Package-specific rules

As of 0.5.0, Jarl allows package-specific rules, such as rules that only apply to dplyr functions. Those rules are more complicated to handle than the others, so this page will present some of their differences and limitations, and then explain why that is.

Differences in usage and limitations

No multi-file analysis

To know which packages are present in the namespace of a given R script, Jarl looks at library() and require() calls only in the same script. For instance, if you have analysis.R and master.R like this:

master.R:
```
library(dplyr)
```
analysis.R:
```
source("master.R")
filter()
```

then Jarl will not consider that filter() can come from dplyr.
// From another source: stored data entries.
(* Let $N\ge 2$, $1\le r<N$, and consider a single reversible reaction with stoichiometric vector $\sigma=(\sigma_1,\dots,\sigma_N)^{\rm T}=(-\alpha_1,\dots,-\alpha_r,\beta_{r+1},\dots,\beta_N)^{\rm T}$, where $\alpha_i>0$ for $i\le r$ and $\beta_i>0$ for $i>r$. Let $U_1,\dots,U_N\in\mathbb{R}$, $k_1^->0$, $\Delta t>0$. Let $c^0\in\mathbb{R}^N$ with $c^0_i>0$ for all $i$, set $c(R)=c^0+\sigma R$ for $R\in\mathbb{R}$, and let $R^n=0$. Let $\widehat R^{n+1}\in\mathbb{R}$ be any number with $c_i(\widehat R^{n+1})>0$ for all $i$ (for instance the solution of the first-order predictor scheme described in the context), put $\widehat R^{n+1/2}=\tfrac12(R^n+\widehat R^{n+1})$ and $\hat\eta=\eta(c(\widehat R^{n+1/2}))$. Then there exists a unique $R^{n+1}\in\mathbb{R}$ such that $c_i(R^{n+1})>0$ for all $i$, $R^{n+1}-R^n+\hat\eta\,\Delta t>0$, and $$\ln\Big(\frac{R^{n+1}-R^n}{\hat\eta\,\Delta t}+1\Big)=-\mu_R^{n+1/2},\qquad \mu_R^{n+1/2}=\phi(R^{n+1},R^n)+\Delta t\sum_{i=1}^N\sigma_i\big(\mu_i(R^{n+1})-\mu_i(R^n)\big).$$ Moreover, $R^{n+1}$ is the unique minimizer over $\{R: c_i(R)>0\ \forall i,\ R-R^n+\hat\eta\Delta t>0\}$ of the strictly convex function $$J_n(R)=(R-R^n+\hat\eta\Delta t)\ln\Big(\frac{R-R^n}{\hat\eta\Delta t}+1\Big)-(R-R^n)+\int_{R^n}^R\phi(s,R^n)\,ds+\Delta t\,F(R)-\gamma^n R,$$ where $\gamma^n=\Delta t\sum_{i=1}^N\sigma_i\mu_i(R^n)$.
   Context: For $R$ with $c_i(R)>0$ for all $i$, define the (pointwise) free energy $F(R)=\sum_{i=1}^N\big[c_i(R)(\ln c_i(R)-1)+c_i(R)U_i\big]$, the chemical potentials $\mu_i(R)=\ln c_i(R)+U_i$ (so $F'(R)=\sum_i\sigma_i\mu_i(R)$), and the mobility $\eta(c)=k_1^-\prod_{i=r+1}^N c_i^{\beta_i}$ for $c$ with positive components. The discrete variational derivative is $\phi(p,q)=\frac{F(p)-F(q)}{p-q}$ if $p\neq q$ and $\phi(p,p)=F'(p)$. A first-order predictor $\widehat R^{n+1}$ may be obtained by solving $\ln\big(\frac{\widehat R^{n+1}-R^n}{\eta(c(R^n))\Delta t}+1\big)=-\sum_{i=1}^N\sigma_i\mu_i(\widehat R^{n+1})$ with $c(\widehat R^{n+1})$ componentwise positive. *)

From Stdlib Require Import Reals Lra Lia Arith.
From Coquelicot Require Import Coquelicot.
Open Scope R_scope.

(* Species are indexed 0-based: i = 0..N-1.  Reactants are i < r, products r <= i < N. *)

Fixpoint sum_from (m k : nat) (f : nat -> R) : R :=
  match k with
  | O => 0
  | S k' => f m + sum_from (S m) k' f
  end.

Fixpoint prod_from (m k : nat) (f : nat -> R) : R :=
  match k with
  | O => 1
  | S k' => f m * prod_from (S m) k' f
  end.

(* \sum_{i=1}^N in the paper, i.e. 0 <= i < N here *)
Definition sumN (N : nat) (f : nat -> R) : R := sum_from 0 N f.

Definition stoich (r : nat) (alpha beta : nat -> R) (i : nat) : R :=
  if (i <? r)%nat then - alpha i else beta i.

Definition conc (c0 sigma : nat -> R) (x : R) (i : nat) : R := c0 i + sigma i * x.

Definition Fen (N : nat) (c0 sigma U : nat -> R) (x : R) : R :=
  sumN N (fun i => conc c0 sigma x i * (ln (conc c0 sigma x i) - 1)
                   + conc c0 sigma x i * U i).

Definition chem (c0 sigma U : nat -> R) (x : R) (i : nat) : R :=
  ln (conc c0 sigma x i) + U i.

Definition dFen (N : nat) (c0 sigma U : nat -> R) (x : R) : R :=
  sumN N (fun i => sigma i * chem c0 sigma U x i).

(* mobility eta(c) = k1^- prod_{i=r+1}^N c_i^{beta_i} (0-based: r <= i < N) *)
Definition mobility (N r : nat) (k1m : R) (beta : nat -> R) (c : nat -> R) : R :=
  k1m * prod_from r (N - r) (fun i => Rpower (c i) (beta i)).

Definition phi (N : nat) (c0 sigma U : nat -> R) (p q : R) : R :=
  if Req_EM_T p q then dFen N c0 sigma U p
  else (Fen N c0 sigma U p - Fen N c0 sigma U q) / (p - q).

Definition strictly_convex_on (D : R -> Prop) (f : R -> R) : Prop :=
  forall x y t, D x -> D y -> x <> y -> 0 < t < 1 ->
    f (t * x + (1 - t) * y) < t * f x + (1 - t) * f y.

From Stdlib Require Import Reals Lra Lia.
From Coquelicot Require Import Coquelicot.
Open Scope R_scope.

(* Write E = eta_hat * dt > 0 and take R^n = 0.  The scheme equation reads
   G(R) = 0 for the residual
     G(R) = ln(R/E + 1) + phi(R, 0) + dt (F'(R) - F'(0)),
   which is the derivative of the energy J_n on the feasible set
   D = { R : c(R) > 0, R + E > 0 }.  Everything follows from one abstract fact
   (convex_potential_minimizer): if D is an interval, J' = G on D and G is
   continuous, strictly increasing and takes both signs on D, then G has exactly
   one zero in D, this zero is the strict minimizer of J on D, and J is strictly
   convex on D.  The rest of the file checks these hypotheses:
   - phi(., 0) is the difference quotient of F at 0; it is continuous, and
     strictly increasing because F' is (three-chord lemma, section Secant);
   - F' = sum_i sigma_i mu_i is strictly increasing, since each sigma_i mu_i is;
   - G takes both signs because F' tends to +oo (resp. -oo) when the most
     limiting reactant (resp. product) is depleted, and ln(R/E + 1) tends to -oo
     as R decreases to -E.
   The predictor R_hat only enters through eta_hat > 0. *)

Definition interval (D : R -> Prop) : Prop :=
  forall x y z, D x -> D y -> x <= z <= y -> D z.

Section ConvexPotential.

Variables (D : R -> Prop) (J G : R -> R).
Hypothesis D_interval : interval D.
Hypothesis J_derive : forall x, D x -> is_derive J x (G x).
Hypothesis G_increasing : forall x y, D x -> D y -> x < y -> G x < G y.

Lemma potential_mean_value x y : D x -> D y -> x < y ->
  exists c, D c /\ x < c < y /\ J y - J x = G c * (y - x).
Proof.
  intros Dx Dy xy.
  destruct (MVT_cor2 J G x y xy) as [c [Hmvt Hc]].
  - intros c Hc. apply is_derive_Reals, J_derive, (D_interval x y); auto.
  - exists c. repeat split; try lra. apply (D_interval x y); auto; lra.
Qed.

Lemma potential_zero_unique x y : D x -> D y -> G x = 0 -> G y = 0 -> x = y.
Proof.
  intros Dx Dy Gx Gy.
  destruct (Rtotal_order x y) as [xy|[xy|yx]]; auto.
  - pose proof (G_increasing x y Dx Dy xy); lra.
  - pose proof (G_increasing y x Dy Dx yx); lra.
Qed.

Lemma potential_strict_minimizer z x : D z -> G z = 0 -> D x -> x <> z -> J z < J x.
Proof.
  intros Dz Gz Dx xz.
  destruct (Rtotal_order z x) as [zx|[zx|xz']]; [| congruence |].
  - destruct (potential_mean_value z x Dz Dx zx) as [c [Dc [Hc E]]].
    pose proof (G_increasing z c Dz Dc (proj1 Hc)).
    assert (0 < G c * (x - z)) by (apply Rmult_lt_0_compat; lra). lra.
  - destruct (potential_mean_value x z Dx Dz xz') as [c [Dc [Hc E]]].
    pose proof (G_increasing c z Dc Dz (proj2 Hc)).
    assert (0 < - G c * (z - x)) by (apply Rmult_lt_0_compat; lra). lra.
Qed.

Lemma potential_strictly_convex : strictly_convex_on D J.
Proof.
  (* Ordered case: the chord slopes on [x,z] and [z,y] are G-values at points
     c1 < z < c2, hence compare strictly. *)
  assert (ordered : forall x y t, D x -> D y -> x < y -> 0 < t < 1 ->
            J (t * x + (1 - t) * y) < t * J x + (1 - t) * J y).
  { intros x y t Dx Dy xy Ht.
    set (z := t * x + (1 - t) * y).
    assert (xz : x < z) by (unfold z; nra). assert (zy : z < y) by (unfold z; nra).
    assert (Dz : D z) by (apply (D_interval x y); auto; lra).
    destruct (potential_mean_value x z Dx Dz xz) as [c1 [Dc1 [Hc1 E1]]].
    destruct (potential_mean_value z y Dz Dy zy) as [c2 [Dc2 [Hc2 E2]]].
    pose proof (G_increasing c1 c2 Dc1 Dc2 ltac:(lra)) as Gc.
    replace (z - x) with ((1 - t) * (y - x)) in E1 by (unfold z; ring).
    replace (y - z) with (t * (y - x)) in E2 by (unfold z; ring).
    assert (0 < t * (1 - t) * (y - x) * (G c2 - G c1)).
    { repeat apply Rmult_lt_0_compat; lra. }
    nra. }
  intros x y t Dx Dy xy Ht.
  destruct (Rtotal_order x y) as [h|[h|h]]; [auto | congruence |].
  replace (t * x + (1 - t) * y) with ((1 - t) * y + (1 - (1 - t)) * x) by ring.
  replace (t * J x + (1 - t) * J y) with ((1 - t) * J y + (1 - (1 - t)) * J x) by ring.
  apply ordered; auto; lra.
Qed.

Hypothesis G_continuous : forall x, D x -> continuous G x.

Lemma potential_zero_exists :
  (exists x, D x /\ G x < 0) -> (exists y, D y /\ 0 < G y) -> exists z, D z /\ G z = 0.
Proof.
  intros [x [Dx Gx]] [y [Dy Gy]].
  assert (xy : x < y).
  { destruct (Rlt_or_le x y) as [h|h]; auto.
    destruct (Req_dec x y) as [->|ne]; [lra|].
    pose proof (G_increasing y x Dy Dx ltac:(lra)); lra. }
  destruct (Ranalysis5.IVT_interv G x y) as [z [Hz Gz]]; auto.
  - intros c Hc. apply continuity_pt_filterlim, G_continuous, (D_interval x y); auto.
  - exists z. split; auto. apply (D_interval x y); auto.
Qed.

End ConvexPotential.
The exception for multi-file analysis is for R packages: if dplyr is imported (either fully or partially), then all files in the R folder have access to it.

R must be installed

If you want to use package-specific rules (all disabled by default), you must have R installed. This might seem an obvious requirement, but it makes a difference if you want to use Jarl in CI since you will now need to install R and the packages in your project before running Jarl.

Your system matters

This was already a bit true because some rules depend on your R version, but it’s even more important for package-specific rules. Some of those rules are only valid for some package versions, so depending on your system, some diagnostics may appear or disappear. Jarl checks packages stored in .libPaths(), meaning that if you use renv for instance, it will grab the versions of packages stored in renv/library.

If the project that is checked is an R package, Jarl will look at the content of DESCRIPTION and NAMESPACE.

Why those differences?

This section explains broadly how Jarl handles package-specific rules internally, it is not required to know that to use Jarl (all the necessary information is above).
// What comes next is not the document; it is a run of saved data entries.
(* Let $\Gamma\subseteq\mathit{Aff}(2,\mathbb{H})$ be a subgroup acting freely on $\mathbb{H}^2$. Then $\Gamma$ is conjugate in $\mathit{Aff}(2,\mathbb{H})$ to a subgroup of $G_1$ or of $G_2$.
   Context: $\mathit{Aff}(2,\mathbb{H})$ is identified with invertible $3\times3$ quaternionic matrices $\begin{pmatrix} a&b&r\\ c&d&s\\ 0&0&1\end{pmatrix}$ acting on $(x,y)\in\mathbb{H}^2$ by $(x,y)\mapsto(ax+by+r,cx+dy+s)$. $G_1=\left\{\begin{pmatrix} a&b&r\\ 0&1&s\\ 0&0&1\end{pmatrix}: a,b,r,s\in\mathbb{H}, a\neq0\right\}$ and $G_2=\left\{\begin{pmatrix} 1&b&r\\ 0&d&s\\ 0&0&1\end{pmatrix}: b,r,s,d\in\mathbb{H}, d\neq0\right\}$. *)

From mathcomp Require Import all_boot all_order all_algebra.
From mathcomp Require Import reals.
Set Implicit Arguments. Unset Strict Implicit. Unset Printing Implicit Defensive.
Import GRing.Theory Num.Theory.
Local Open Scope ring_scope.

Section Quat.
Variable R : realType.

Record quat := Quat { qr : R; qi : R; qj : R; qk : R }.

Definition qzero : quat := Quat 0 0 0 0.
Definition qone : quat := Quat 1 0 0 0.
Definition qadd (p q : quat) : quat :=
  Quat (qr p + qr q) (qi p + qi q) (qj p + qj q) (qk p + qk q).
Definition qmul (p q : quat) : quat :=
  Quat (qr p * qr q - qi p * qi q - qj p * qj q - qk p * qk q)
       (qr p * qi q + qi p * qr q + qj p * qk q - qk p * qj q)
       (qr p * qj q - qi p * qk q + qj p * qr q + qk p * qi q)
       (qr p * qk q + qi p * qj q - qj p * qi q + qk p * qr q).

(* A quaternionic 3x3 matrix [[a,b,r],[c,d,s],[0,0,1]], acting on H^2 by
   (x,y) |-> (a x + b y + r, c x + d y + s). *)
Record aff := Aff { aa : quat; ab : quat; ac : quat; ad : quat;
                    ar : quat; as_ : quat }.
Static analysis vs dynamic namespace

To implement package-specific rules, we must be able to tell from which package a function comes from. This is relatively simple when we have access to an R session:

filter
#> function (x, filter, method = c("convolution", "recursive"),
#>     sides = 2L, circular = FALSE, init = NULL)
#> {
#>   [...]
#> }
#> <bytecode: 0x5b3495e0cfe0>
#> <environment: namespace:stats>

library(dplyr, warn.conflicts = FALSE)

filter
#> function (.data, ..., .by = NULL, .preserve = FALSE)
#> {
#>     [...]
#> }
#> <bytecode: 0x630942de7a38>
#> <environment: namespace:dplyr>

The namespace: shows the origin of the function. However, Jarl does static analysis and therefore doesn’t run R code, in part because it would slow it down.
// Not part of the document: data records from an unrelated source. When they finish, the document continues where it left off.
(* Let $E$ be a real topological vector space, $\Omega$ a nonempty open subset of $E$, and $f_0,\dots,f_m:\Omega\to\mathbb{R}$. Let $\hat{x}$ be a solution of the problem $(\mathcal{P}_1)$: maximize $f_0(x)$ subject to $x\in\Omega$ and $f_i(x)\ge0$ for all $i\in\{1,\dots,m\}$. Assume that $f_j$ is lower semicontinuous at $\hat{x}$ for every $j\in\{1,\dots,m\}$ with $f_j(\hat{x})>0$, that each $f_i$ ($0\le i\le m$) is $D^-_M$-differentiable at $\hat{x}$, and that, after reindexing, $\{i\in\{1,\dots,m\}:f_i(\hat{x})=0\}=\{1,\dots,l\}$ with $l\ge1$. For $p\in\{0,\dots,l\}$ let $A_p=\{u\in E: D^-_Mf_i(\hat{x})(u)>0\ \text{for all } i\in\{p,\dots,l\}\}$. If $A_l\neq\emptyset$, then $A_0=\emptyset$; equivalently, $k:=\min\{i\in\{0,\dots,l\}:A_i\neq\emptyset\}$ satisfies $k\ge1$.
   Context: $D^-f(x)(u):=\liminf_{t\to0^+}\frac{f(x+tu)-f(x)}{t}$ (with $D^-f(x)(0)=0$); $D^-_Mf(x)(u):=\inf_{w\in E}\{D^-f(x)(u+w)-D^-f(x)(w)\}$; $f$ is $D^-_M$-differentiable at $x$ if both are finite for every $u\in E$. *)

From HB Require Import structures.
From mathcomp Require Import all_boot all_order all_algebra.
From mathcomp Require Import all_classical all_reals all_analysis.
Set Implicit Arguments. Unset Strict Implicit. Unset Printing Implicit Defensive.
Import Order.TTheory GRing.Theory Num.Theory.
Import numFieldNormedType.Exports.
Local Open Scope classical_set_scope.
Local Open Scope ring_scope.

Section Defs.
Context {R : realType} {E : topologicalLmodType R}.

Definition lowerDini (f : E -> R) (x u : E) : \bar R :=
  if u == 0 then 0%E
  else limf_einf (fun t : R => ((f (x + t *: u) - f x) / t)%:E) (0^'+).

Definition lowerDiniM (f : E -> R) (x u : E) : \bar R :=
  ereal_inf [set (lowerDini f x (u + w)%R - lowerDini f x w)%E | w in [set: E]].

Definition DM_differentiable (f : E -> R) (x : E) : Prop :=
  forall u : E, lowerDini f x u \is a fin_num /\ lowerDiniM f x u \is a fin_num.

Definition lsc_at (f : E -> R) (x : E) : Prop :=
  forall a : R, a < f x -> \forall y \near x, a < f y.

Definition Aset (f : nat -> E -> R) (xh : E) (l p : nat) : set E :=
  [set u | forall i, (p <= i <= l)%N -> (0 < lowerDiniM (f i) xh u)%E].

End Defs.

From HB Require Import structures.
From mathcomp Require Import all_boot all_order all_algebra.
From mathcomp Require Import all_classical all_reals all_analysis.
Import Order.TTheory GRing.Theory Num.Theory.
Import numFieldNormedType.Exports.
Local Open Scope classical_set_scope.
Local Open Scope ring_scope.

(** Taking [w = 0] in the infimum defining [D^-_M] gives
    [D^-_M f_i(x)(u) <= D^- f_i(x)(u)], so a direction [u] in [A_0] is a strict
    ascent direction of [f_0] and of every active constraint: for small [t > 0]
    these functions increase strictly along [x + t u].  The inactive constraints
    stay positive there by lower semicontinuity, and [x + t u] stays in the open
    set [Omega].  Hence [x + t u] is feasible and beats [x], a contradiction. *)

Lemma near_forall_leq (T : Type) (F : set_system T) (n : nat)
    (P : nat -> T -> Prop) : Filter F ->
  (forall i, (i <= n)%N -> \forall t \near F, P i t) ->
  \forall t \near F, forall i, (i <= n)%N -> P i t.
Proof.
move=> FF nearP.
have := @filter_forall T 'I_n.+1 (fun i => P i) F FF (fun i => nearP i (ltn_ord i)).
by apply: filterS => t Pt i ni; exact: (Pt (Ordinal (ni : (i < n.+1)%N))).
Qed.

Lemma limf_einf_gt_near (R : realType) (F : set_system R) (g : R -> R) (a : R) :
  Filter F ->
  (a%:E < limf_einf (fun t => (g t)%:E) F)%E -> \forall t \near F, a < g t.
Proof.
move=> FF; rewrite limf_einfE => /ereal_sup_gt [_ [V FV <-] a_lt_infV].
apply: filterS FV => t Vt; rewrite -lte_fin.
by apply: (lt_le_trans a_lt_infV); apply: ereal_inf_lbound; exists t.
Qed.

Section ray.
Context {R : realType} {E : topologicalLmodType R}.

Lemma cvg_ray (x u : E) : (fun t : R => x + t *: u) @ 0^'+ --> x.
Proof.
apply: cvg_at_right_filter.
suff : x + t *: u @[t --> (0 : R)] --> x + 0 *: u by rewrite scale0r addr0.
apply: (@continuous2_cvg _ E E E _ _ (fun=> x) (fun t : R => t *: u) +%R).
- exact: (add_continuous (x, 0 *: u)).
- exact: cvg_cst.
apply: (@continuous2_cvg _ R^o E E _ _ id (fun=> u) *:%R).
- exact: (scale_continuous (0 : R^o, u)).
- exact: cvg_id.
- exact: cvg_cst.
Qed.

Lemma near_ray (x u : E) {P : set E} :
  (\forall y \near x, P y) -> \forall t \near 0^'+, P (x + t *: u).
Proof. exact: cvg_ray. Qed.

End ray.

Section lower_Dini.
Context {R : realType} {E : topologicalLmodType R}.
Implicit Types (f : E -> R) (x u : E).

Lemma lowerDini0 f x : lowerDini f x 0 = 0%E.
Proof. by rewrite /lowerDini eqxx. Qed.

Lemma lowerDiniM_le_lowerDini f x u : (lowerDiniM f x u <= lowerDini f x u)%E.
Proof.
apply: ereal_inf_lbound; exists 0 => //.
by rewrite addr0 lowerDini0 sube0.
Qed.

Lemma lowerDini_gt0_near_increase f x u : (0 < lowerDini f x u)%E ->
  \forall t \near 0^'+, f x < f (x + t *: u).
Proof.
have [->|u_neq0] := eqVneq u 0; first by rewrite lowerDini0 ltxx.
rewrite /lowerDini (negbTE u_neq0) => /limf_einf_gt_near.
apply: filter_app; near=> t => /=.
have t_gt0 : 0 < t by near: t; exact: nbhs_right_gt.
by rewrite pmulr_lgt0 ?invr_gt0 // subr_gt0.
Unshelve. all: by end_near.
Qed.

Lemma lowerDiniM_gt0_near_increase f x u : (0 < lowerDiniM f x u)%E ->
  \forall t \near 0^'+, f x < f (x + t *: u).
Proof.
move=> /lt_le_trans/(_ (lowerDiniM_le_lowerDini f x u)).
exact: lowerDini_gt0_near_increase.
Qed.

End lower_Dini.

Theorem lemma3p7 (R : realType) (E : topologicalLmodType R) (Omega : set E)
  (m l : nat) (f : nat -> E -> R) (xh : E) :
  open Omega -> Omega !=set0 ->
  (* xh solves (P1): maximize f_0 on Omega subject to f_i >= 0, 1 <= i <= m *)
  Omega xh -> (forall i, (1 <= i <= m)%N -> 0 <= f i xh) ->
  (forall x, Omega x -> (forall i, (1 <= i <= m)%N -> 0 <= f i x) ->
     f 0%N x <= f 0%N xh) ->
  (* lower semicontinuity of the inactive constraints *)
  (forall j, (1 <= j <= m)%N -> 0 < f j xh -> lsc_at (f j) xh) ->
  (* D^-_M-differentiability of f_0, ..., f_m at xh *)
  (forall i, (i <= m)%N -> DM_differentiable (f i) xh) ->
  (* active constraints are exactly 1, ..., l with l >= 1 *)
  (1 <= l <= m)%N ->
  (forall i, (1 <= i <= m)%N -> (f i xh = 0 <-> (i <= l)%N)) ->
  Aset f xh l l !=set0 -> Aset f xh l 0 = set0.
Proof.
move=> open_Omega _ Omega_xh fxh_ge0 xh_max lsc _ /andP[l_ge1 l_le_m] active _.
rewrite -subset0 => u A0u.
have ascent i : (i <= l)%N -> \forall t \near 0^'+, f i xh < f i (xh + t *: u).
  by move=> il; apply: lowerDiniM_gt0_near_increase; apply: A0u.
have feasible i : (i <= m)%N ->
    \forall t \near 0^'+, (1 <= i)%N -> 0 <= f i (xh + t *: u).
  move=> im; have [il|li] := leqP i l.
    apply: filterS (ascent i il) => t fi_lt i1.
    by rewrite -((active i _).2 il) ?i1 // ltW.
  have i_in : (1 <= i <= m)%N by rewrite (leq_trans l_ge1 (ltnW li)).
  have fxh_gt0 : 0 < f i xh.
    by rewrite lt_def fxh_ge0 // andbT; apply/eqP => /(active i i_in); rewrite leqNgt li.
  by apply: filterS (near_ray xh u (lsc i i_in fxh_gt0 0 fxh_gt0)) => t /ltW.
have [t [] Omega_t feasible_t ascent_t] : exists t, [/\ Omega (xh + t *: u),
    forall i, (i <= m)%N -> (1 <= i)%N -> 0 <= f i (xh + t *: u) &
    f 0%N xh < f 0%N (xh + t *: u)].
  apply: (@filter_ex _ 0^'+); near=> t; split; near: t.
  - by apply: near_ray; exact: open_nbhs_nbhs.
  - exact: near_forall_leq.
  - exact: ascent.
have feasible_all i : (1 <= i <= m)%N -> 0 <= f i (xh + t *: u).
  by case/andP=> i1 im; exact: feasible_t.
by have := xh_max _ Omega_t feasible_all; rewrite leNgt ascent_t.
Unshelve. all: by end_near.
Qed.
Then, the question is: how can we resolve a function’s origin without running R code, or with running minimal R code?

This is quite easy in other languages, such as Python:

import pandas as pd
import polars as pl

pl.DataFrame() # <---- we know this comes from polars

Using explicit namespaces such as dplyr::filter() would make this task straightforward, but it is very common to load packages once with library() and then rely on the implicit namespace resolution, making this way more challenging. To solve this, Jarl has to run a very short R script (but only in the case where some package-specific rules are enabled).

Getting package namespaces and versions

Once we have collected the list of packages used in a script from library() and require() calls, we need to get their versions and their namespaces. This is where we need to run a small R script calling packageVersion() and getNamespaceExports() for the packages we’re interested in.

Using this information in rules

Now that we have collected the packages whose namespaces are available in a given script and the version of these packages, we can use this information in the rule. We try to resolve the origin of a function, which can lead to several situations:

the origin is resolved, meaning that the function comes from a single package:
- if the package is what we want, keep going;
- otherwise, exit the rule.
the origin is unknown, meaning that we don’t know where the function comes from. This can happen when the library() calls is located in another script. In this case, we exit the rule.
the origin is ambiguous, meaning that the function is provided by two or more packages. In this case, whether we should exit the rule or not depends on the context. For instance, if we’re adding a rule for dplyr::filter(), we might want to assume that a filter() in a chain of pipes belongs to dplyr but a filter() outside a chain doesn’t.

Why not using packages loading order?

The order in which packages are loaded is very important because it tells us which namespace is used in case of namespace conflict.

We might think we can use this information to resolve the origin of a function, but this is not necessarily the case because there exists ways to explicitly prefer a certain package after it is loaded, such as the conflicted package.